The post claims Tom di Mino, an amateur linguistics enthusiast with an AI engineering background, may have cracked Linear A by treating some Linear A signs as sharing phonetic values with their Linear B counterparts and then testing whether resulting word patterns fit an extinct Semitic language related to Hebrew. The writeup says Claude Code helped build Python tooling to query and organize the GORILA and SigLA corpora, then run large numbers of simulations to estimate whether the matches were luck. The missing piece is the one everyone wanted most: there is no public paper, no full table of proposed sound values, no released translation list for the claimed 300 words, and no code or prompts to inspect. That made the central question less "did AI solve Linear A" and more "is there enough here to evaluate anything at all".

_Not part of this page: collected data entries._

(* Let $N$ be a node and let $f_N^{1}\le f_N^{2}\le\dots\le f_N^{|\Gamma|}$ be the ordered list of the scan periods set for $N$ by the monitors $M_1,\dots,M_{|\Gamma|}$. Then the longest time frame during which an error concerning a connection of $N$ (a connection $N\to P$ present in $E$ but absent from $E_{AToM}$, or vice versa) can exist in the global snapshot $G_{AToM}$ is $f_N^{\lfloor|\Gamma|/2\rfloor+1}$.
   Context: The network is a directed graph $G=(V,E)$ of nodes that changes over time ($N\to P$ denotes $(N,P)\in E$); $\Gamma$ is a set of monitors. Each monitor $M_i$ repeatedly executes a verification round $PeeV(N)$ for each node $N$, treated as an atomic event, which updates its local snapshot $E_{M_i}$ so that immediately after the round, $(N,P)\in E_{M_i}$ iff $(N,P)\in E$ for all $P$; consecutive rounds of $M_i$ for $N$ are separated by the scan period $f_N^{i}$. Between rounds, $E_{M_i}$ is not modified for connections of $N$. The global snapshot is $G_{AToM}=(V,E_{AToM})$ with $E_{AToM}=\{(A,B):|\{M\in\Gamma:(A,B)\in E_M\}|>|\Gamma|/2\}$, i.e. a connection is included iff it is in the local snapshots of a strict majority of monitors. *)

From HB Require Import structures.
From mathcomp Require Import all_boot all_order all_algebra.
From mathcomp Require Import reals.
Set Implicit Arguments. Unset Strict Implicit. Unset Printing Implicit Defensive.
Import Order.TTheory GRing.Theory Num.Theory.
Local Open Scope ring_scope.

(* Model (time is real-valued, R : realType).
   - monitors are indexed by 'I_m (m = |Gamma|);
   - f i > 0 : scan period of monitor i for the fixed node N;
   - phi i  : phase of monitor i; the verification rounds PeeV(N) of monitor i
              happen exactly at the times phi i + z * f i, z : int;
   - E : R -> rel V : the (time-varying) true connection relation;
   - the local snapshot of monitor i at time t for a connection (N,P) equals
     E s N P where s is the time of the last round of i at or before t. *)

Section AToM.
Variables (R : realType) (V : Type) (m : nat).

Definition last_round (ph p t : R) : R :=
  ph + (Num.floor ((t - ph) / p))%:~R * p.

Definition local_snap (E : R -> rel V) (phi f : 'I_m -> R) (i : 'I_m)
  (t : R) (N P : V) : bool :=
  E (last_round (phi i) (f i) t) N P.

Definition in_AToM (E : R -> rel V) (phi f : 'I_m -> R) (t : R) (N P : V)
  : bool :=
  (m < 2 * #|[set i : 'I_m | local_snap E phi f i t N P]|)%N.

Definition atom_error (E : R -> rel V) (phi f : 'I_m -> R) (t : R) (N P : V)
  : bool :=
  in_AToM E phi f t N P != E t N P.

(* the (floor(m/2)+1)-th smallest scan period, i.e. f_N^{floor(|Gamma|/2)+1}
   in the ordered list f_N^1 <= ... <= f_N^{|Gamma|} *)
Definition kth_period (f : 'I_m -> R) : R :=
  nth 0 (sort <=%R [seq f i | i <- enum 'I_m]) m./2.

End AToM.

From HB Require Import structures.
From mathcomp Require Import all_boot all_order all_algebra.
From mathcomp Require Import reals zify lra.
Import Order.TTheory GRing.Theory Num.Theory.
Set Implicit Arguments. Unset Strict Implicit. Unset Printing Implicit Defensive.
Local Open Scope ring_scope.

(* During an error interval (a, b) the verdict of the global snapshot at any time s
   is the negation of E s, which is exactly what a monitor doing a round at s records.
   So a monitor whose snapshot changes at time u votes against the verdict at u, and
   the verdict can never flip; by induction on the number of rounds in between, it is
   constant on (a, b).  If b - a exceeded the
   (floor(m/2)+1)-th smallest period F, then the monitors with period at most F, a
   strict majority, would all have done a round inside (a, b) by some time T, all
   voting against the constant verdict: a contradiction.  Conversely, if all monitors
   scan in phase at time 0, a connection present exactly during (0, F) is never seen
   by the monitors with period at least F, which are at least half of them. *)

Section OrderStatistic.
Context {d : Order.disp_t} {T : orderType d} (x0 : T) (s : seq T).
Hypothesis s_sorted : sorted <=%O s.

Lemma count_lt_nth_sorted k : (count (fun x => x < nth x0 s k)%O s <= k)%N.
Proof.
have [lt_k_s|] := ltnP k (size s); last by apply: leq_trans (count_size _ _).
set y := nth x0 s k.
have /allP drop_ge : all (>= y)%O (drop k s).
  have := drop_sorted k s_sorted; rewrite (drop_nth x0 lt_k_s) /= => path_s.
  by rewrite /= lexx (order_path_min le_trans path_s).
rewrite -(cat_take_drop k s) count_cat (@eq_in_count _ _ pred0 (drop k s)).
  by rewrite count_pred0 addn0 (leq_trans (count_size _ _)) // size_take_min geq_minl.
by move=> x /drop_ge /= le_yx; rewrite ltNge le_yx.
Qed.

Lemma count_le_nth_sorted k : (k < size s)%N ->
  (k < count (fun x => x <= nth x0 s k)%O s)%N.
Proof.
move=> lt_k_s; set y := nth x0 s k.
have size_take_k : size (take k.+1 s) = k.+1 by rewrite size_take_min (minn_idPl lt_k_s).
have : all (<= y)%O (take k.+1 s).
  apply/(all_nthP x0) => j; rewrite size_take_k => lt_j_k.
  rewrite nth_take //; apply: (sorted_leq_nth le_trans lexx x0 s_sorted) => //;
    rewrite inE; exact: leq_trans lt_k_s.
rewrite all_count size_take_k => /eqP count_take.
by rewrite -(cat_take_drop k.+1 s) count_cat count_take leq_addr.
Qed.

End OrderStatistic.

Definition majority {m : nat} (v : pred 'I_m) : bool :=
  (m < 2 * #|[set i | v i]|)%N.

Section Majority.
Variable m : nat.
Implicit Types v w : pred 'I_m.

Lemma majority_sub v w : (forall i, v i -> w i) -> majority v -> majority w.
Proof.
move=> sub_vw; rewrite /majority => /leq_trans; apply; rewrite leq_mul2l /=.
by apply: subset_leq_card; apply/subsetP => i; rewrite !inE => /sub_vw.
Qed.

Lemma majority_disjoint v w : (forall i, v i -> ~~ w i) ->
  majority v -> ~~ majority w.
Proof.
move=> vNw maj_v; rewrite /majority -leqNgt.
have : [set i | w i] \subset ~: [set i | v i].
  by apply/subsetP => i; rewrite !inE; apply: contraL => /vNw.
move/subset_leq_card; have := cardsC [set i | v i]; rewrite card_ord.
move: maj_v; rewrite /majority; lia.
Qed.

Lemma majority_agree (K : pred 'I_m) v c : majority K ->
  (forall i, K i -> v i = c) -> majority v = c.
Proof.
move=> maj_K vK; case: c vK => vK.
  by apply: majority_sub maj_K => i /vK ->.
by apply/negbTE; apply: majority_disjoint maj_K => i /vK ->.
Qed.

(* Voters that change their mind only move against the new outcome, so the outcome
   cannot change. *)
Lemma majority_update v w :
  (forall i, w i = v i \/ w i = ~~ majority w) -> majority w = majority v.
Proof.
move=> upd; case maj_w: (majority w); apply/esym.
  apply: (majority_sub _ maj_w) => i w_i.
  by case: (upd i) => [<- //|]; rewrite maj_w w_i.
apply/negbTE; apply: (contraFN _ maj_w); apply: majority_sub => i v_i.
by case: (upd i) => ->; rewrite ?maj_w.
Qed.

End Majority.

Lemma in_AToME (R : realType) (V : Type) (m : nat) (E : R -> rel V)
    (phi f : 'I_m -> R) t N P :
  in_AToM E phi f t N P = majority (fun i => local_snap E phi f i t N P).
Proof. by []. Qed.

Lemma card_count_sort {R : realType} {m} (f : 'I_m -> R) (p : pred R) :
  #|[set i | p (f i)]| = count p (sort <=%R [seq f i | i <- enum 'I_m]).
Proof.
by rewrite count_sort count_map cardsE cardE /enum_mem size_filter filter_predT.
Qed.

Section KthPeriod.
Variables (R : realType) (m : nat) (f : 'I_m -> R).

Lemma majority_le_kth_period : (0 < m)%N -> majority (fun i => f i <= kth_period f).
Proof.
move=> m_gt0; rewrite /majority (card_count_sort f (<= kth_period f)).
apply: (@leq_trans (2 * (m./2).+1)); first lia.
rewrite leq_mul2l /=; apply: count_le_nth_sorted; first exact/sort_sorted/le_total.
by rewrite size_sort size_map size_enum_ord; lia.
Qed.

Lemma minority_lt_kth_period : ~~ majority (fun i => f i < kth_period f).
Proof.
rewrite /majority (card_count_sort f (< kth_period f)) -leqNgt.
apply: (@leq_trans (2 * m./2)); last lia.
by rewrite leq_mul2l /=; apply/count_lt_nth_sorted/sort_sorted/le_total.
Qed.

End KthPeriod.

Section Clock.
Variables (R : realType) (ph p : R).
Hypothesis p_gt0 : 0 < p.

Definition round_index (t : R) : int := Num.floor ((t - ph) / p).

Lemma last_roundE t : last_round ph p t = ph + (round_index t)%:~R * p.
Proof. by []. Qed.

Lemma last_round_le t : last_round ph p t <= t.
Proof. by rewrite last_roundE -lerBrDl -ler_pdivlMr // floor_le. Qed.

Lemma lt_last_round_period t : t < last_round ph p t + p.
Proof.
have := floorD1_gt ((t - ph) / p).
rewrite -/(round_index t) intrD ltr_pdivrMr // mulrDl mul1r last_roundE; lra.
Qed.

Lemma le_round_index : {homo round_index : t t' / t <= t'}.
Proof.
by move=> t t' le_tt'; apply: le_floor; rewrite ler_pM2r ?invr_gt0 // lerD2r.
Qed.

Lemma le_last_round : {homo last_round ph p : t t' / t <= t'}.
Proof.
move=> t t' /le_round_index le_idx.
by rewrite !last_roundE lerD2l ler_pM2r // ler_int.
Qed.

Lemma round_index_next t : round_index (last_round ph p t + p) = round_index t + 1.
Proof.
rewrite {1}/round_index last_roundE.
have -> : ph + (round_index t)%:~R * p + p - ph = (round_index t + 1)%:~R * p.
  by rewrite intrD mulrDl mul1r; lra.
by rewrite mulfK ?gt_eqF // intrKfloor.
Qed.

Lemma last_round_next t :
  last_round ph p (last_round ph p t + p) = last_round ph p t + p.
Proof. by rewrite [LHS]last_roundE round_index_next intrD mulrDl mul1r addrA. Qed.

Lemma last_round_stable t t' : t <= t' < last_round ph p t + p ->
  last_round ph p t' = last_round ph p t.
Proof.
move=> /andP[le_tt' lt_t'_next]; rewrite !last_roundE; congr (_ + _ * _).
congr intr; apply: floor_def; apply/andP; split.
  by apply: le_trans (floor_le _); rewrite ler_int le_round_index.
by rewrite intrD ltr_pdivrMr // mulrDl mul1r ltrBlDl addrA -last_roundE.
Qed.

Lemma last_round_phase t : ph <= t < ph + p -> last_round ph p t = ph.
Proof.
have last_round_ph : last_round ph p ph = ph.
  by rewrite last_roundE /round_index subrr mul0r floor0 mul0r addr0.
move=> t_range; rewrite -[RHS]last_round_ph.
by apply: last_round_stable; rewrite last_round_ph.
Qed.

End Clock.

Section Monitors.
Variables (R : realType) (m : nat) (f phi : 'I_m -> R).

Local Notation L i := (last_round (phi i) (f i)).
Local Notation idx i := (round_index (phi i) (f i)).

Definition rounds_between (t t' : R) : int := \sum_i (idx i t' - idx i t).

Lemma rounds_betweenD t u t' :
  rounds_between t t' = rounds_between t u + rounds_between u t'.
Proof.
by rewrite /rounds_between -big_split; apply: eq_bigr => i _ /=; lia.
Qed.

Hypothesis f_gt0 : forall i, 0 < f i.

Lemma rounds_between_ge0 t t' : t <= t' -> 0 <= rounds_between t t'.
Proof.
by move=> le_tt'; apply: sumr_ge0 => i _; rewrite subr_ge0 le_round_index.
Qed.

Hypothesis m_gt0 : (0 < m)%N.

Lemma next_event t : exists2 u, t < u &
  [/\ forall i, L i u = L i t \/ L i u = u,
      forall t' i, t <= t' < u -> L i t' = L i t
    & 0 < rounds_between t u].
Proof.
case: (arg_minP (fun i => L i t + f i) (isT : predT (Ordinal m_gt0))) => j _ j_min.
set u := L j t + f j.
have lt_tu : t < u by exact: lt_last_round_period.
have u_le i : u <= L i t + f i by exact: j_min.
exists u => //; split.
- move=> i; have [lt_u|eq_u] := ltP u (L i t + f i); last first.
    right; have -> : u = L i t + f i by apply/le_anti; rewrite u_le eq_u.
    exact: last_round_next.
  by left; apply: last_round_stable => //; rewrite (ltW lt_tu).
- move=> t' i /andP[le_tt' lt_t'u]; apply: last_round_stable => //.
  by rewrite le_tt' (lt_le_trans lt_t'u (u_le i)).
- rewrite /rounds_between (bigD1 j) //= round_index_next // [_ + 1 - _]addrC addKr.
  apply: ltr_wpDr => //; apply: sumr_ge0 => i _.
  by rewrite subr_ge0 le_round_index // ltW.
Qed.

End Monitors.

Section ErrorInterval.
Variables (R : realType) (V : Type) (m : nat) (f phi : 'I_m -> R).
Variables (E : R -> rel V) (N P : V) (a b : R).
Hypothesis f_gt0 : forall i, 0 < f i.
Hypothesis m_gt0 : (0 < m)%N.
Hypothesis error : forall t, a < t < b -> atom_error E phi f t N P.

Local Notation L i := (last_round (phi i) (f i)).
Local Notation h t := (in_AToM E phi f t N P).

Lemma error_flip t : a < t < b -> E t N P = ~~ h t.
Proof. by move/error; rewrite /atom_error; case: (E t N P); case: (h t). Qed.

Lemma in_AToM_update s u : a < u < b ->
  (forall i, L i u = L i s \/ L i u = u) -> h s = h u.
Proof.
move=> u_in upd; rewrite !in_AToME; apply/esym/majority_update => i.
rewrite -in_AToME /local_snap; case: (upd i) => ->; first by left.
by right; exact: error_flip.
Qed.

Lemma in_AToM_const t t' : a < t -> t <= t' -> t' < b -> h t = h t'.
Proof.
move=> lt_at le_tt' lt_t'b.
have [n] : exists n : nat, rounds_between f phi t t' < n%:Z.
  by exists (absz (rounds_between f phi t t')).+1; lia.
elim: n t lt_at le_tt' => [|n IHn] t lt_at le_tt' lt_rounds.
  by have := rounds_between_ge0 phi f_gt0 le_tt'; lia.
have [u lt_tu [upd stable rounds_gt0]] := next_event phi f_gt0 m_gt0 t.
have [lt_t'u|le_ut'] := ltP t' u.
  apply: in_AToM_update; first by rewrite (lt_le_trans lt_at le_tt').
  by move=> i; left; apply: stable; rewrite le_tt'.
have -> : h t = h u.
  by apply: in_AToM_update => //; rewrite (lt_trans lt_at lt_tu) (le_lt_trans le_ut').
apply: IHn => //; first exact: lt_trans lt_at lt_tu.
by move: lt_rounds; rewrite (rounds_betweenD _ _ t u t'); lia.
Qed.

Lemma error_interval_le_kth_period : b - a <= kth_period f.
Proof.
rewrite leNgt; apply/negP => lt_F_ba.
set K := fun i => f i <= kth_period f.
have maj_K : majority K := majority_le_kth_period f m_gt0.
have [i0 K_i0] : exists i0, K i0.
  have /card_gt0P[i0] : (0 < #|[set i | K i]|)%N by move: maj_K; rewrite /majority; lia.
  by rewrite inE; exists i0.
case: (arg_maxP (fun i => L i a + f i) K_i0) => j K_j j_max.
set T := L j a + f j.
have lt_Tb : T < b.
  by have := last_round_le (phi j) (f_gt0 j) a; rewrite /T /K in K_j *; lra.
have vote_K i : K i -> local_snap E phi f i T N P = ~~ h T.
  move=> K_i; have le_rT : L i a + f i <= L i T.
    by rewrite -last_round_next //; apply/le_last_round/j_max.
  have lt_a_LT : a < L i T.
    exact: lt_le_trans (lt_last_round_period (phi i) (f_gt0 i) a) le_rT.
  have le_LT_T : L i T <= T := last_round_le (phi i) (f_gt0 i) T.
  rewrite /local_snap error_flip ?lt_a_LT ?(le_lt_trans le_LT_T lt_Tb) //.
  by rewrite (in_AToM_const lt_a_LT le_LT_T lt_Tb).
by have := majority_agree maj_K vote_K; rewrite -in_AToME; case: (h T).
Qed.

End ErrorInterval.

Definition transient_edge {R : realType} {V : Type} (F : R) : R -> rel V :=
  fun t _ _ => (0 < t) && (t < F).

Lemma transient_edge_error (R : realType) (V : Type) (m : nat) (f : 'I_m -> R)
    (N P : V) :
  (forall i, 0 < f i) -> forall t, 0 < t < kth_period f ->
  atom_error (transient_edge (kth_period f)) (fun=> 0) f t N P.
Proof.
move=> f_gt0 t t_in; have [t_gt0 lt_tF] := andP t_in.
rewrite /atom_error {2}/transient_edge t_in eqb_id in_AToME.
apply: contra (minority_lt_kth_period f); apply: majority_sub => i.
rewrite /local_snap /transient_edge => /andP[round_gt0 _].
rewrite ltNge; apply: contraL round_gt0 => le_F_fi.
by rewrite last_round_phase ?add0r ?ltxx ?(ltW t_gt0) ?(lt_le_trans lt_tF le_F_fi).
Qed.

Theorem theorem3 (R : realType) (V : Type) (N : V) (m : nat)
    (f : 'I_m -> R) (hm : (0 < m)%N) (hf : forall i, 0 < f i) :
  (* no error on a connection of N can persist longer than f^{floor(m/2)+1} *)
  (forall (E : R -> rel V) (phi : 'I_m -> R) (P : V) (a b : R),
      (forall t, a < t < b -> atom_error E phi f t N P) ->
      b - a <= kth_period f) /\
  (* and this duration is attained *)
  (forall P : V, exists (E : R -> rel V) (phi : 'I_m -> R) (a b : R),
      b - a = kth_period f /\
      forall t, a < t < b -> atom_error E phi f t N P).
Proof.
split=> [E phi P a b error | P].
  exact: error_interval_le_kth_period hf hm error.
exists (transient_edge (kth_period f)), (fun=> 0), 0, (kth_period f).
by split; [rewrite subr0 | exact: transient_edge_error].
Qed.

People with background in ancient scripts and historical linguistics immediately pointed out why Linear A attracts false positives. The
corpus is tiny, about 7,500 characters across roughly 1,500 inscriptions, with most texts being short accounting lists, seal marks, or the recurring "
libation formula" that every decipherment attempt gravitates toward. That means there is very little held-out material to test against, and even basic assumptions are shaky. It is not certain every text labeled Linear A reflects the same language. Some words may be abbreviations. Even the common practice of borrowing Linear B sound values for overlapping signs is a heuristic, not a solved foundation. Several commenters said a Semitic reading should also leave clearer traces in later Greek
substrate vocabulary and place names than we currently see.
The sharpest pushback focused on method, not romance. A recurring example in the post hinges on isolating part of one libation-formula word, assuming an unknown sign begins with N, and then matching the remainder to a Semitic root. Linguistically literate readers saw that as far too permissive. If a decipherment cannot explain the rest of the word, let alone a broad slice of the corpus, it is still pattern hunting. That skepticism only hardened because "reviewed by experts at Rutgers and Cambridge" sounded like private informal circulation, not peer review or institutional endorsement. The mood was still curious rather than dismissive. Plenty of people thought the AI angle was plausible in a narrow sense: not as a black box translator, but as a fast way to build corpus tools, run combinatorial checks, and keep an amateur from drowning in data-cleaning. The consensus landing point was simple. A real result would need a public manuscript, a complete mapping, and predictions that survive contact with texts the method was not tuned on.